Facing ‘Best Receiver’ Also Sharpened Castro-Fields
Again, Castro-Fields enters the league having gone against Wilson (the 10th overall pick in the draft) and Olave (No. 11 overall).
However, he believes it wasn’t those two whom he considers the best he’s gone against. It was actually another first round talent who also went in the first round Castro-Fields said was the “best receiver” he went against: His teammate Jahan Dotson, the 16th overall selection in the ’22 draft.
“I feel he was the best receiver in the country,” Castro-Fields said. “So when I got to go against the O-State guys and people like that who are good at their craft as well, I knew I was ready just because I was going against ‘Han’ every practice,” Castro-Fields said.

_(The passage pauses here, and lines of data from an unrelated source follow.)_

(** * The operators [Xop i], [Yop i], [Mop i] and their telescoping sums *)

Section Operators.
Variable U : C * C -> Prop.
Hypothesis hU : open U.
Variables (n : nat) (ka rho : nat -> C).

Local Notation holo := (holo_on U).
Local Notation Bop := (Bop ka rho).
Local Notation Cop := (Cop ka rho).
Local Notation kr := (kr ka rho).

Definition Bprod lo hi := prodop Bop lo hi.
Definition Cprod lo hi := prodop Cop lo hi.

(* [Xop i] is [prod_(j > i) (delta1 + b_j) prod_(j < i) (delta1 + c_j - 1)] of the
   theorem; [w_i] and [w'_i] are multiples of [Mop i z] and [Mop i ((delta2 + b') z)]. *)
Definition Xop i g := Bprod (S i) n (Cprod 1 (i - 1) g).
Definition Yop i g := Bprod (S i) n (Cprod 1 i g).
Definition Mop i g := Xop i (if Nat.eqb i 1 then Cop 1 g else delta1 g).

Lemma delta1_poly_Bop j : delta1_poly (Bop j).
Proof. apply poly_opc, delta1_poly_delta1. Qed.

Lemma delta1_poly_Cop j : delta1_poly (Cop j).
Proof. apply poly_opc, delta1_poly_delta1. Qed.

Lemma delta1_poly_Bprod lo hi : delta1_poly (Bprod lo hi).
Proof. apply poly_prodop, delta1_poly_Bop. Qed.

Lemma delta1_poly_Cprod lo hi : delta1_poly (Cprod lo hi).
Proof. apply poly_prodop, delta1_poly_Cop. Qed.

Lemma delta1_poly_Xop i : delta1_poly (Xop i).
Proof. apply (poly_comp _ (Bprod _ _)); [apply delta1_poly_Bprod | apply delta1_poly_Cprod]. Qed.

Lemma delta1_poly_Yop i : delta1_poly (Yop i).
Proof. apply (poly_comp _ (Bprod _ _)); [apply delta1_poly_Bprod | apply delta1_poly_Cprod]. Qed.

Lemma delta1_poly_Mop i : delta1_poly (Mop i).
Proof.
  unfold Mop. apply (poly_comp _ (Xop i)); [apply delta1_poly_Xop|].
  destruct (Nat.eqb i 1); [apply delta1_poly_Cop | apply delta1_poly_delta1].
Qed.

#[local] Hint Resolve delta1_poly_Bop delta1_poly_Cop delta1_poly_Bprod delta1_poly_Cprod
  delta1_poly_Xop delta1_poly_Yop delta1_poly_Mop delta1_poly_delta1 delta1_poly_euler_poly
  euler_poly_delta1 euler_poly_delta2 poly_opc poly_prodop poly_comp : euler.

Lemma c_ne1 i : i <> 1%nat -> c_ ka rho i = - rho 1%nat + rho i + 1.
Proof. intros H. unfold c_. destruct (Nat.eqb_spec i 1); [contradiction | reflexivity]. Qed.

Lemma Mop_ne1 i g : i <> 1%nat -> Mop i g = Xop i (delta1 g).
Proof. intros H. unfold Mop. destruct (Nat.eqb_spec i 1); [contradiction | reflexivity]. Qed.

Lemma Mop_1 g : Mop 1 g = Yop 1 g.
Proof. reflexivity. Qed.

Lemma Yop_Cop i g a b : (1 <= i <= n)%nat -> holo g -> U (a, b) ->
  Yop i g a b = Cop i (Xop i g) a b.
Proof.
  intros Hi Hg Hab. unfold Yop, Xop, Cprod.
  replace i with (S (i - 1)) at 2 by lia. rewrite prodop_snoc by lia.
  replace (S (i - 1)) with i by lia.
  apply (euler_poly_comm U hU (Xop i) (Cop i)); auto with euler.
Qed.

Lemma Yop_pred i g : (1 <= i <= n)%nat -> Yop (i - 1) g = Bop i (Xop i g).
Proof.
  intros Hi. unfold Yop, Xop, Bprod.
  replace (S (i - 1)) with i by lia. rewrite prodop_cons by lia. reflexivity.
Qed.

Lemma Yop_n g : Yop n g = Cprod 1 n g.
Proof. unfold Yop, Bprod. rewrite prodop_nil by lia. reflexivity. Qed.

Lemma Bprod_Xop1 g : (1 <= n)%nat -> Bprod 1 n g = Bop 1 (Xop 1 g).
Proof. intros Hn. unfold Bprod. rewrite prodop_cons by lia. reflexivity. Qed.

(* [Cop j - Bop j = kr j] for [j >= 2]. *)
Lemma kr_Xop j g a b : (2 <= j <= n)%nat -> holo g -> U (a, b) ->
  kr j * Xop j g a b = Yop j g a b - Yop (j - 1) g a b.
Proof.
  intros Hj Hg Hab. rewrite Yop_Cop, Yop_pred by (auto; lia).
  unfold Defs.Cop, Defs.Bop, opc, b_, Defs.kr. rewrite c_ne1 by lia. ring.
Qed.

Lemma csum_kr_Mop i m g a b : (1 <= i)%nat -> (i <= m <= n)%nat -> holo g -> U (a, b) ->
  csum (fun j => kr j * Mop j g a b) (S i) m = Yop m (delta1 g) a b - Yop i (delta1 g) a b.
Proof.
  intros Hi Hm Hg Hab. rewrite <- (csum_telescope (fun j => Yop j (delta1 g) a b)) by lia.
  apply csum_ext. intros j Hj. rewrite Mop_ne1 by lia.
  apply kr_Xop; auto with euler; lia.
Qed.

Lemma Bprod_Cop1 g a b : (1 <= n)%nat -> holo g -> U (a, b) ->
  Bprod 1 n (Cop 1 g) a b = Yop 1 (delta1 g) a b - kr 1 * Yop 1 g a b.
Proof.
  intros Hn Hg Hab. rewrite Bprod_Xop1 by exact Hn.
  set (L := fun h => Xop 1 (Cop 1 h)).
  assert (HL : euler_poly L)
    by (apply delta1_poly_euler_poly, (poly_comp _ (Xop 1)); auto with euler).
  change (Bop 1 (L g) a b = L (delta1 g) a b - kr 1 * L g a b).
  rewrite <- (euler_poly_comm U hU L (Bop 1)) by auto with euler.
  unfold Defs.Bop. rewrite (euler_poly_opc U hU L delta1) by auto with euler.
  unfold Defs.kr, b_. ring.
Qed.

He also played at Penn State during a time he witnessed the following: A breakout 2019 that saw him shatter personal bests in pass breakups and tackles but then followed by a truncated 2020 during the coronavirus pandemic.
Castro-Fields didn’t always get the opportunity to fully showcase his high-caliber athleticism for PSU. But he still leaves State College with a “one of a kind” experience that now has him prepared to respond to falling in the draft.
“Obviously, you want things to be better. But I grew up a lot from all these situations that happened,” Castro-Fields said. “All the ups and downs ultimately made me a better person, a better teammate…that Penn State experience was one of a kind. It’s the brotherhood we created and the fellowship we had and all the connections I made, one of a kind.”